Havendo desentendimentos entre o Autor e os restantes administradores, vieram aqueles outros em representação da sociedade 2ª Ré a transmitir à 1ª Ré, da qual era única administradora VS__, filha daqueles outros administradores da 2ª Ré, três bens imóveis, certo que nem a 2ª Ré tinha intenção de vender à Ré nem esta tinha intenção de comprar àquela tais imóveis, não tendo havido o pagamento de qualquer preço, constituindo aquele negócio afinal uma doação com o único objetivo de enganar o Autor e defraudá-lo no tocante aos seus direitos enquanto accionista da 2ª Ré, acrescendo que o ato de doação sempre seria um ato indevido/inválido na medida em que não integra o objeto social da 2ª Ré transmissária daqueles imóveis à 1ª Ré.

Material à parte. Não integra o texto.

(* Let $(X,T)$ be a minimal topological dynamical system with $T$ a homeomorphism, and suppose $\delta>0$ is such that $(X,T)$ is block $\mathcal{F}_{ip}$-sensitive with sensitive constant $10\delta$. Let $x\in X$ and let $U$ be any neighborhood of $x$. Then there are $z\in U$ and $y\in X$ such that $(y,z)\in\mathbf{RP}^{[\infty]}(X)$ and $d(z,y)\ge\delta$.
   Context: A topological dynamical system: compact metric space $(X,d)$ with continuous surjection $T$; minimal means every orbit is dense. A finite IP-set of length $n$ is $FS((p_i)_{i=1}^n)=\{\sum_{i\in\alpha}p_i:\emptyset\ne\alpha\subset\{1,\dots,n\}\}$ with $p_i\in\mathbb{N}$. $(X,T)$ is block $\mathcal{F}_{ip}$-sensitive with sensitive constant $c>0$ if for each $x\in X$, each neighborhood $U$ of $x$ and each $l\in\mathbb{N}$ there is $y_l\in U$ such that $\{n\in\mathbb{Z}_+:d(T^nx,T^ny_l)>c\}$ contains a finite IP-set of length $l$. For $d\in\mathbb{N}$, $(x,y)\in\mathbf{RP}^{[d]}(X)$ if for every $\eta>0$ there are $x',y'$ and $\mathbf{n}\in\mathbb{Z}^d$ with $d(x,x')<\eta$, $d(y,y')<\eta$, $d(T^{\mathbf{n}\cdot\varepsilon}x',T^{\mathbf{n}\cdot\varepsilon}y')<\eta$ for all $\varepsilon\in\{0,1\}^d\setminus\{0\}$; $\mathbf{RP}^{[\infty]}=\bigcap_d\mathbf{RP}^{[d]}$. *)

From Stdlib Require Import Reals ZArith.
Open Scope R_scope.

Section Defs.
Context {X : Type} (d : X -> X -> R).

Definition is_metric : Prop :=
  (forall x y, 0 <= d x y) /\
  (forall x y, d x y = 0 <-> x = y) /\
  (forall x y, d x y = d y x) /\
  (forall x y z, d x z <= d x y + d y z).

Definition open_set (U : X -> Prop) : Prop :=
  forall x, U x -> exists r, r > 0 /\ forall y, d x y < r -> U y.

Definition nbhd (x : X) (U : X -> Prop) : Prop :=
  exists V, open_set V /\ V x /\ forall y, V y -> U y.

Definition compact_space : Prop :=
  forall (I : Type) (F : I -> X -> Prop),
    (forall i, open_set (F i)) -> (forall x, exists i, F i x) ->
    exists l : list I, forall x, exists i, List.In i l /\ F i x.

Definition continuous_map (f : X -> X) : Prop :=
  forall x eps, eps > 0 -> exists del, del > 0 /\
    forall y, d x y < del -> d (f x) (f y) < eps.

Definition minimal (T : X -> X) : Prop :=
  forall x y eps, eps > 0 -> exists n : nat, d (Nat.iter n T x) y < eps.

Definition zpow (T Tinv : X -> X) (k : Z) (x : X) : X :=
  match k with
  | Z0 => x
  | Zpos p => Nat.iter (Pos.to_nat p) T x
  | Zneg p => Nat.iter (Pos.to_nat p) Tinv x
  end.

Fixpoint sum_below {A : Type} (add : A -> A -> A) (zero : A)
    (f : nat -> A) (n : nat) : A :=
  match n with
  | O => zero
  | S m => add (sum_below add zero f m) (f m)
  end.

(* S contains a finite IP-set FS((p_i)_{i=1}^l) of length l, p_i in N = {1,2,...} *)
Definition contains_finite_IP (S : nat -> Prop) (l : nat) : Prop :=
  exists p : nat -> nat, (forall i, (i < l)%nat -> (1 <= p i)%nat) /\
    forall alpha : nat -> bool, (exists i, (i < l)%nat /\ alpha i = true) ->
      S (sum_below Nat.add 0%nat (fun i => if alpha i then p i else 0%nat) l).

Definition block_Fip_sensitive (T : X -> X) (c : R) : Prop :=
  forall x U, nbhd x U -> forall l : nat, exists y, U y /\
    contains_finite_IP (fun n => d (Nat.iter n T x) (Nat.iter n T y) > c) l.

Definition dot_eps (D : nat) (n : nat -> Z) (eps : nat -> bool) : Z :=
  sum_below Z.add 0%Z (fun i => if eps i then n i else 0%Z) D.

Definition RP (T Tinv : X -> X) (D : nat) (x y : X) : Prop :=
  forall eta, eta > 0 -> exists x' y' (n : nat -> Z),
    d x x' < eta /\ d y y' < eta /\
    forall eps : nat -> bool, (exists i, (i < D)%nat /\ eps i = true) ->
      d (zpow T Tinv (dot_eps D n eps) x') (zpow T Tinv (dot_eps D n eps) y') < eta.

Definition RP_inf (T Tinv : X -> X) (x y : X) : Prop :=
  forall D : nat, (1 <= D)%nat -> RP T Tinv D x y.

End Defs.

(* Cover X by finitely many sets of diameter < eta.  Block sensitivity gives a point y
   eta-close to x and a long finite IP-set of times n at which T^n x and T^n y are more
   than 10 delta apart; colouring each n by the cells of T^n x and T^n y, a finite
   Folkman theorem yields a monochromatic IP-set FS(q_1, ..., q_D, q).  Then T^q w and w
   (w = x, y) remain eta-close along FS(q_1, ..., q_D), while T^q x and T^q y are
   10 delta apart, so one of them, c, is 5 delta away from x and (c, x) satisfies the
   defining condition of RP^[D] up to eta.  A cluster point of such c, as D grows and
   eta shrinks, is the required y, with z = x. *)

From Pilot Require Import Defs.
From Stdlib Require Import Reals ZArith Lia Lra List.
From Stdlib Require Import Classical ClassicalEpsilon FunctionalExtensionality.
Open Scope R_scope.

Com tais fundamentos, concluiu o Autor estar em causa um negócio simulado e, por conseguinte, nulo, peticionando a declaração dessa nulidade e consequente anulação do registo correspondente à transmissão.
Por sua vez as RR., em essência, sustentam a validade do negócio, alegando ter ocorrido o pagamento do respectivo preço.

Por isso os temas da prova enunciados são no sentido de demonstrar ou infirmar que o valor do preço declarado na escritura de compra e venda de 17-04-2017 não foi pago pela 1a R à 2a R.; demonstrar que a 2a R. não quis vender à 1aR. e esta não lhe quis comprar os imóveis objeto da escritura de 17-04-2017; e a demonstrar que o ato declarado na escritura de 17-04-2017 constituiu um artifício levado a cabo pelos administradores da 2ª R. e da 1ª R para esconder uma doação, com o intuito de enganar e defraudar o A. enquanto acionista da 2ª R..
O negócio em crise foi objecto de escritura pública em 17-04-2017, nela tendo os Administradores da 2ª R, que no acto intervieram em sua representação, declarado ter já recebido da 1ª R. o preço. Logo em momento anterior àquela data de 17-04-2017, não permitindo, porém, as declarações então prestadas definir em que momento tal pagamento terá ocorrido, certo, porém, que tendo a 1ª R. sido constituída em 30/11/2016 (cfr. doc. junto aos autos) tal alegado pagamento apenas poderá ter ocorrido após esse momento.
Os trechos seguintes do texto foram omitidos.